Joey’s plan involved a tenant turning up with a key or a visitor letting us in with them. When this didn’t happen she began punching codes. The intercom squawked. Joey squawked back, “It’s me!” On the fourth try, someone hit the buzzer.

We found 2E. We looked at each other. Joey pressed the doorbell.

A woman answered the door. She wore maroon jeans and an argyle sweater. Her hair was red, not Joey’s Irish setter red, but a short, fluffy tangerine. She looked like she’d packed sixty years of living into forty years of life. “Yeah?”

“Hi,” I said. “We’re looking for Vic Mauser?”
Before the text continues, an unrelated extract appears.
(* The tableau calculus $\mathbf{TAB}_{\mathbf{IB}}$ has the termination property: for every tableau of $\mathbf{TAB}_{\mathbf{IB}}$, every branch of it is finite.
   Context: Hybrid language: fix disjoint countably infinite sets $\mathbf{Prop}$ (propositional variables) and $\mathbf{Nom}$ (nominals). Formulas: $\varphi ::= p \mid i \mid \neg\varphi \mid \varphi\land\varphi \mid \Diamond\varphi \mid @_i\varphi$ with $p\in\mathbf{Prop}$, $i\in\mathbf{Nom}$; $\Box\varphi$ abbreviates $\neg\Diamond\neg\varphi$. Tableau calculus $\mathbf{TAB}_{\mathbf{IB}}$. A tableau is a well-founded tree whose nodes are formulas of the form $@_i\varphi$; its root is a formula $@_i\varphi$ (the root formula) where $i$ does not occur in $\varphi$. A branch is a maximal path; $\varphi\in\Theta$ means $\varphi$ occurs on branch $\Theta$. Each branch is extended by applying the rules below to its formulas as often as possible, except that no further formula is added to a branch once either (i) every new formula generated by applying any rule already occurs on the branch, or (ii) the branch is closed, i.e. contains $@_i\varphi$ and $@_i\neg\varphi$ for some formula $\varphi$ and nominal $i$. An accessibility formula is a formula $@_i\Diamond j$ added by rule $[\Diamond]$ (with $j$ the new nominal). Rules (premises already on the branch; conclusions added to it): [$\neg\neg$] from $@_i\neg\neg\varphi$ add $@_i\varphi$; [$\land$] from $@_i(\varphi\land\psi)$ add $@_i\varphi$ and $@_i\psi$; [$\neg\land$] from $@_i\neg(\varphi\land\psi)$ split the branch into one extended by $@_i\neg\varphi$ and one extended by $@_i\neg\psi$; [$\Diamond$] from $@_i\Diamond\varphi$, which is not an accessibility formula, add $@_i\Diamond j$ and $@_j\varphi$ where $j$ is a nominal not occurring on the branch; this rule is applied at most once per formula, and only if $i$ is a quasi-urfather on the branch (defined below); [$\neg\Diamond$] from $@_i\neg\Diamond\varphi$ and $@_i\Diamond j$ add $@_j\neg\varphi$; [$\Box_{sym}$] from $@_i\Box\varphi$ and $@_j\Diamond i$ add $@_j\varphi$; [$@$] from $@_i@_j\varphi$ add $@_j\varphi$; [$\neg@$] from $@_i\neg@_j\varphi$ add $@_j\neg\varphi$; [$Id$] from $@_i\varphi$, which is not an accessibility formula, and $@_i j$ add $@_j\varphi$; [$Ref$] for any nominal $i$ occurring on the branch add $@_i i$; ($\mathcal{I}$) for any nominal $i$ occurring on the branch add $@_i\neg\Diamond i$. Auxiliary notions for a branch $\Theta$. $@_i\varphi$ is a quasi-subformula of $@_j\psi$ if $\varphi$ is a subformula of $\psi$, or $\varphi=\neg\chi$ with $\chi$ a subformula of $\psi$. For a nominal $i$ occurring in $\Theta$, $T^\Theta(i)=\{\varphi \mid @_i\varphi\in\Theta$ and $@_i\varphi$ is a quasi-subformula of the root formula$\}$. Nominals $i,j$ are twins in $\Theta$ if $T^\Theta(i)=T^\Theta(j)$. $i\prec_\Theta j$ if $j$ was introduced by applying $[\Diamond]$ to a formula $@_i\Diamond\varphi$ (equivalently, the accessibility formula $@_i\Diamond j$ is in $\Theta$); $\prec_\Theta^*$ is its reflexive transitive closure. A nominal $i$ is a quasi-urfather on $\Theta$ if there are no twins $j\neq k$ with $j\prec_\Theta^* i$ and $k\prec_\Theta^* i$. *)

From Stdlib Require Import List Relations.
Import ListNotations.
She frowned. “Do I know you?”

“I don’t think so,” I said.

“Penny?” a male voice yelled. “What’s the story?”

“Someone to see you,” she yelled back, not taking her eyes from me.

“Who?!”

“I don’t know!”

There was a short curse. I imagined the goateed man hauling himself out of a sofa, with unbuttoned trousers and unbuckled belt, dining recovery measures.